Understanding resistance mutations requires knowledge of organic chemistry and protein structure. In silico molecular modeling has also been helpful but often specialized software and computer programing knowledge is required. However, recently more user-friendly platforms are being developed. For example, COSMIC launched a platform known as COSMIC-3D to understand “cancer mutations in the context of 3D protein structure” (https://cancer.sanger.ac.uk/cosmic3d/) [607]. Interfaces such as this, will undoubtedly allow other scientists not necessarily trained as organic or protein biochemists to provide input and generate hypothesis that will be useful for drug development.

As seen in this review, many resistant mechanisms are similar. For example, when targeting kinases, certain “gatekeeper” residues are essential for facilitating drug–enzyme interaction. Mutations in these residues almost always affect the efficacy of the drug. Although each kinase is unique, patients have benefited from faster drug discovery when scientists compared different resistance mechanisms [608]. Comparisons of resistance mechanisms will accelerate next generation drug development.

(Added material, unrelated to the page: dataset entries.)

(* Let $a,b\ge1$ and $P=[a]\times[b]$. For $1\le i\le a$, with $B=\{i\}\times[b]$, we have $\sum_{p\in B}T_p^-\equiv^q q^{a-i}\frac{[b]_q}{[a+b]_q}$. For $1\le j\le b$, with $B=[a]\times\{j\}$, we have $\sum_{p\in B}T_p^-\equiv^q q^{b-j}\frac{[a]_q}{[a+b]_q}$.
   Context: $[a]\times[b]=\{(i,j)\colon1\le i\le a,1\le j\le b\}$ with $(i,j)\le(i',j')$ iff $i\le i'$ and $j\le j'$. $\mathcal{J}(P)$ is the set of order ideals. For $p\in P$, $I\in\mathcal{J}(P)$: $T_p^+(I)=1$ if $p$ is minimal in $P\setminus I$, else $0$; $T_p^-(I)=1$ if $p$ is maximal in $I$, else $0$; $T_p^q=T_p^+-qT_p^-$ with $q$ an indeterminate. For $f,g\colon\mathcal{J}(P)\to\mathbb{R}(q)$, $f\equiv^q g$ means $f-g=\sum_{p\in P}c_p(q)T_p^q$ for some $c_p(q)\in\mathbb{R}(q)$; an element of $\mathbb{R}(q)$ denotes a constant function. $[m]_q=1+q+\dots+q^{m-1}$. *)

From HB Require Import structures.
From mathcomp Require Import all_boot all_order all_algebra.
From mathcomp Require Import fraction.
From mathcomp Require Import reals.
Set Implicit Arguments. Unset Strict Implicit. Unset Printing Implicit Defensive.
Import Order.TTheory GRing.Theory Num.Theory.
Local Open Scope ring_scope.

(* The poset [a] x [b], encoded 0-based: the element (i,j) of the paper
   (1 <= i <= a, 1 <= j <= b) is the pair (i-1, j-1) : 'I_a * 'I_b. *)
Definition grid (a b : nat) : finType := ('I_a * 'I_b)%type.

Definition gle a b (x y : grid a b) : bool :=
  ((x.1 <= y.1)%N && (x.2 <= y.2)%N).

Definition glt a b (x y : grid a b) : bool := (x != y) && gle x y.

Definition is_ideal a b (I : {set grid a b}) : bool :=
  [forall x, [forall y, (gle y x && (x \in I)) ==> (y \in I)]].

Definition RQ (R : realType) := {fraction {poly R}}.
Definition qvar (R : realType) : RQ R := tofrac ('X : {poly R}).

Definition qint (R : realType) (m : nat) : RQ R := \sum_(k < m) (qvar R) ^+ k.

Definition Tplus (R : realType) a b (p : grid a b) (I : {set grid a b}) : RQ R :=
  ((p \notin I) && [forall r, glt r p ==> (r \in I)])%:R.
(* Let $q\in AC_{loc}(\mathbb{R}_+)$ be complex-valued and suppose there are constants $C_1,C_2>0$ such that $|q(x)|>C_1$ and $|q'(x)/q^{3/2}(x)|<C_2$ for a.e. $x\ge0$. Then every solution $y$ of $-y''+q(x)y=0$ on $\mathbb{R}_+$ with $y\in L_2(\mathbb{R}_+)$ satisfies $y'/|q|^{1/2}\in L_2(\mathbb{R}_+)$.
   Context: $\mathbb{R}_+=[0,+\infty)$; $AC_{loc}$ denotes locally absolutely continuous functions; $|q^{3/2}|=|q|^{3/2}$. *)

From HB Require Import structures.
From mathcomp Require Import all_boot all_order all_algebra.
From mathcomp Require Import all_classical all_reals all_analysis.
From mathcomp Require Import complex.
Set Implicit Arguments. Unset Strict Implicit. Unset Printing Implicit Defensive.
Import Order.TTheory GRing.Theory Num.Theory.
Local Open Scope ring_scope.
Local Open Scope classical_set_scope.

Definition cabs {R : realType} (z : R[i]) : R :=
  Num.sqrt (complex.Re z ^+ 2 + complex.Im z ^+ 2).

Definition abs_cont_on {R : realType} (a b : R) (f : R -> R) : Prop :=
  forall e : R, 0 < e -> exists2 d : R, 0 < d &
    forall (n : nat) (s t : 'I_n -> R),
      (forall k, a <= s k /\ s k <= t k /\ t k <= b) ->
      (forall i j, i != j -> t i <= s j \/ t j <= s i) ->
      \sum_(k < n) (t k - s k) < d ->
      \sum_(k < n) `|f (t k) - f (s k)| < e.

Definition AC_loc_Rplus {R : realType} (f : R -> R[i]) : Prop :=
  forall b : R, 0 < b ->
    abs_cont_on 0 b (fun x => complex.Re (f x)) /\ abs_cont_on 0 b (fun x => complex.Im (f x)).
Definition labelled al be X :=
  forall Z, is_module d Z -> overlap X Z ->
  forall a m, X a -> ~ Z a -> Z m -> either_order al be (d a m, d m a).

(* All arcs from X \ Y to Y coincide, and two points of X separated by both Y
   and Z carry them over to Z. *)
Lemma labelledP al be X Y a m :
  is_module d X -> is_module d Y -> overlap X Y -> X a -> ~ Y a -> Y m ->
  either_order al be (d a m, d m a) -> labelled al be X.
Proof.
move=> mX mY oXY Xa nYa Ym Ham Z mZ oXZ a' m' Xa' nZa' Zm'.
have [p [q [Xp [Xq [sY sZ]]]]] := overlap_common_separated oXY oXZ.
wlog [nZp Zq] : p q Xp Xq sY sZ / ~ Z p /\ Z q.
  move=> wl; case: (sZ) => [|[Zp nZq]]; first exact: wl.
  by apply: (wl q p) => //; move: sY sZ; rewrite /separates; tauto.
rewrite (overlap_dE mX mZ oXZ Xa' nZa' Zm' Xp nZp Zq).
case: sY => [[nYp Yq]|[Yp nYq]].
  by rewrite -(overlap_dE mX mY oXY Xa nYa Ym Xp nYp Yq).
by apply: either_order_swap; rewrite -(overlap_dE mX mY oXY Xa nYa Ym Xq nYq Yp).
Qed.

Lemma labelled_overlap al be X Z :
  is_module d X -> is_module d Z -> labelled al be X -> overlap X Z ->
  labelled al be Z.
Proof.
move=> mX mZ lX oXZ; have [[m [Xm Zm]] [[c [Xc nZc]] [a [Za nXa]]]] := oXZ.
apply: (labelledP mZ mX (overlap_sym oXZ) Za nXa Xm).
have [-> ->] := mX a m c nXa Xm Xc; have [<- <-] := mZ c m a nZc Zm Za.
exact/either_order_swap/(lX Z mZ oXZ).
Qed.

Inductive overlap_chain C X0 : set V -> Prop :=
  | chain_base : overlap_chain C X0 X0
  | chain_step Y Z : overlap_chain C X0 Y -> nontrivial_submodule C Z ->
      overlap Y Z -> overlap_chain C X0 Z.

Lemma chain_nontrivial C X0 Y :
  nontrivial_submodule C X0 -> overlap_chain C X0 Y -> nontrivial_submodule C Y.
Proof. by move=> nX0; elim. Qed.

Lemma chain_labelled al be C X0 Y :
  nontrivial_submodule C X0 -> labelled al be X0 -> overlap_chain C X0 Y ->
  labelled al be Y.
Proof.
move=> nX0 lX0; elim=> // Y1 Y2 cY1 lY1 nY2 o12.
exact: labelled_overlap (chain_nontrivial nX0 cY1).1 nY2.1 lY1 o12.
Qed.

Lemma chain_nested C X0 Z :
  (forall Y, overlap_chain C X0 Y -> ~ overlap Y Z) ->
  forall Y, overlap_chain C X0 Y -> (Y `<=` Z <-> X0 `<=` Z).
Proof.
move=> noZ Y cY; elim: cY => [//|Y1 Y2 cY1 IH nY2 o12].
have [[m [Y1m Y2m]] [[a [Y1a nY2a]] [b [Y2b nY1b]]]] := o12.
rewrite -IH; split=> sub; have Zm : Z m by apply: sub.
- case: (not_overlap_nested (noZ Y1 cY1) Y1m Zm) => // ZY1.
  by exfalso; apply: nY1b; apply: ZY1; apply: sub.
- case: (not_overlap_nested (noZ Y2 (chain_step cY1 nY2 o12)) Y2m Zm) => // ZY2.
  by exfalso; apply: nY2a; apply: ZY2; apply: sub.
Qed.

Lemma chain_union_module C X0 :
  nontrivial_submodule C X0 ->
  is_module d [set z | exists Y, overlap_chain C X0 Y /\ Y z].
Proof.
move=> nX0; have [mX0 [_ [_ [x0 [_ [X0x0 _]]]]]] := nX0.
move=> z y y' nz.
suff eq_x0 Y : overlap_chain C X0 Y -> forall w, Y w -> d z w = d z x0 /\ d w z = d x0 z.
  by move=> [Y [cY /(eq_x0 Y cY)[-> ->]]] [Y' [cY' /(eq_x0 Y' cY')[-> ->]]].
elim=> [|Y1 Y2 cY1 IH nY2 o12] w Yw.
  by apply: mX0 => // X0z; apply: nz; exists X0; split=> //; apply: chain_base.
have [[m [Y1m Y2m]] _] := o12.
have nY2z : ~ Y2 z.
  by move=> Y2z; apply: nz; exists Y2; split=> //; apply: chain_step cY1 nY2 o12.
by have [-> ->] := nY2.1 z w m nY2z Yw Y2m; apply: IH.
Qed.

Lemma chain_cover C X0 c :
  is_strong d C -> nontrivial_submodule C X0 -> C c ->
  exists Y, overlap_chain C X0 Y /\ Y c.
Proof.
move=> sC nX0 Cc; apply: contrapT => nUc.
pose U := [set z | exists Y, overlap_chain C X0 Y /\ Y z].
have nU : nontrivial_submodule C U.
  have [_ [_ [_ [a [b [X0a [X0b nab]]]]]]] := nX0.
  split; first exact: chain_union_module.
  split; first by move=> z [Y [cY Yz]]; apply: (chain_nontrivial nX0 cY).2.1.
  split; first by exists c.
  by exists a, b; do 2 (split; first by exists X0; split=> //; apply: chain_base).
have [Z [nZ oUZ]] := nontrivial_submodule_overlap sC nU.
have [[m [[Y1 [cY1 Y1m]] Zm]] [[a [Ua nZa]] [b [Zb nUb]]]] := oUZ.
have [[Y [cY oYZ]]|noZ] := pselect (exists Y, overlap_chain C X0 Y /\ overlap Y Z).
  by apply: nUb; exists Z; split=> //; apply: chain_step cY nZ oYZ.
have {}noZ Y : overlap_chain C X0 Y -> ~ overlap Y Z.
  by move=> cY oYZ; apply: noZ; exists Y.
case: (not_overlap_nested (noZ Y1 cY1) Y1m Zm) => [Y1Z|ZY1].
  have [Y [cY Ya]] := Ua; apply: nZa.
  exact: (chain_nested noZ cY).2 ((chain_nested noZ cY1).1 Y1Z) a Ya.
by apply: nUb; exists Y1; split=> //; apply: ZY1.
Qed.
Lemma size_pointer_lists u :
  spine_word u -> size (pointer_lists (spine_of u)) = pointer_choices u.
Proof.
move=> /post_spine_of post_u; rewrite /pointer_lists size_cart big_map.
rewrite /leaf_pos post_u /= -(addn0 1) iotaDl filter_map big_map big_filter.
rewrite /pointer_choices big_mkcond /index_iota subn0; apply: eq_bigr => i _.
rewrite size_filter leftmost_pos0 post_u /= !add1n /= -(addn0 1) iotaDl count_map.
rewrite (eq_count (a2 := nth false u)) => [|p /=]; last by rewrite orbF.
by rewrite count_nth_iota; case: (nth true u i).
Qed.

Lemma spine_word_valid n u : size u = 2 * n -> spine_word u = valid_word n n u.
Proof.
move=> size_u; rewrite /spine_word /valid_word.
have count_u : count id u + count negb u = size u := count_predC id u.
case parse_u: (parse (Some [:: Leaf]) u) => [st|] //=.
by have /= := parse_size parse_u; case: st {parse_u} => [|r [|l rest]] /=; lia.
Qed.

Definition spine_words n : seq (seq bool) :=
  [seq u <- [seq tval t | t <- enum {: (2 * n).-tuple bool}] | spine_word u].

Lemma mem_spine_words n u : (u \in spine_words n) = (size u == 2 * n) && spine_word u.
Proof.
rewrite mem_filter andbC; congr andb.
apply/mapP/eqP => [[t _ ->]|size_u]; first by rewrite size_tuple.
by exists (Tuple (introT eqP size_u)); rewrite ?mem_enum.
Qed.

Lemma uniq_spine_words n : uniq (spine_words n).
Proof. by apply: filter_uniq; rewrite map_inj_uniq ?enum_uniq //; exact: val_inj. Qed.

Definition relaxed_trees n : seq (btree * seq nat) :=
  [seq (spine_of u, ptr) | u <- spine_words n, ptr <- pointer_lists (spine_of u)].

Lemma size_relaxed_trees n : size (relaxed_trees n) = rnum (2 * n) n n.
Proof.
rewrite size_allpairs_dep sumnE big_map.
rewrite (eq_big_seq pointer_choices) => [|u]; last first.
  by rewrite mem_spine_words => /andP[_ /size_pointer_lists].
rewrite -weighted_words_rnum /weighted_words /spine_words big_filter big_map big_mkcond.
rewrite big_enum /=; apply: eq_bigr => t _.
by rewrite /word_weight (@spine_word_valid n t) ?size_tuple.
Qed.

Lemma uniq_relaxed_trees n : uniq (relaxed_trees n).
Proof.
apply: allpairs_uniq_dep => [|u _|[u1 p1] [u2 p2]]; first exact: uniq_spine_words.
  apply: uniq_cart; apply/allP => _ /mapP[q _ ->].
  exact: filter_uniq (iota_uniq 0 q).
move=> /allpairsPdep[v1 [q1 [+ _ [-> _]]]] /allpairsPdep[v2 [q2 [+ _ [-> _]]]].
rewrite !mem_spine_words => /andP[_ /post_spine_of post_u1] /andP[_ /post_spine_of post_u2].
by move=> /= [/(congr1 post)]; rewrite post_u1 post_u2 => -[-> ->].
Qed.
Lemma sum_subsets_prod (V : {set I}) (y : I -> R) :
  \sum_(S : {set I} | S \subset V) \prod_(i in S) y i = \prod_(i in V) (1 + y i).
Proof.
have -> : \prod_(i in V) (1 + y i) = \prod_i ((if i \in V then y i else 0) + 1).
  rewrite [RHS](bigID (mem V)) /= [X in _ * X]big1 ?mulr1 => [|i /negbTE ->].
    by apply: eq_bigr => i ->; rewrite addrC.
  by rewrite add0r.
rewrite bigA_distr [RHS](bigID (fun S : {set I} => S \subset V)) /=.
rewrite [X in _ = _ + X]big1 ?addr0 => [|S /fintype.subsetPn[i iS iV]].
  apply: eq_bigr => S SV; rewrite [RHS](bigID (mem S)) /= [X in _ = _ * X]big1 ?mulr1.
    by apply: eq_bigr => i iS; rewrite iS (fintype.subsetP SV i iS).
  by move=> i /negbTE ->.
by rewrite (bigD1 i) //= iS (negbTE iV) mul0r.
Qed.

Lemma sum_nonempty_subsets_prod (V : {set I}) (y : I -> R) :
  \sum_(S : {set I} | (S \subset V) && (S != finset.set0)) \prod_(i in S) y i
    = \prod_(i in V) (1 + y i) - 1.
Proof.
rewrite -sum_subsets_prod [in RHS](bigD1 finset.set0) ?finset.sub0set //=.
rewrite [X in _ = X + _ - _]big_pred0 => [|i]; last by rewrite inE.
by rewrite addrC addKr.
Qed.

End SubsetSums.

Section BoxProjection.
Variables (n M : nat) (b : 'I_n -> nat).

Definition box : {set {ffun 'I_n -> 'I_M.+1}} :=
  [set x : {ffun 'I_n -> 'I_M.+1} | [forall k, 1 <= x k <= b k]].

Immunotherapy (briefly mentioned in this review) and modulation of the function of various non-coding RNAs are other forms of cancer therapies that we did not have time to address here [609,610,611,612,613,614]. The immune system function in slowing tumor progression has been well documented [615,616]. Non-coding RNAs have a plethora of functions in the cell including regulation of gene expression and protein localization [611]. Non-coding RNAs also regulate gene expression in the immune cells allowing tumors to evade the immune system [617]. One challenge has been the delivery of these therapies. However, with technical advances such as CRISPR [618,619] and nanotechnology [620,621,622,623,624] it is clear that in the near future we will see much more complex forms of cancer treatments.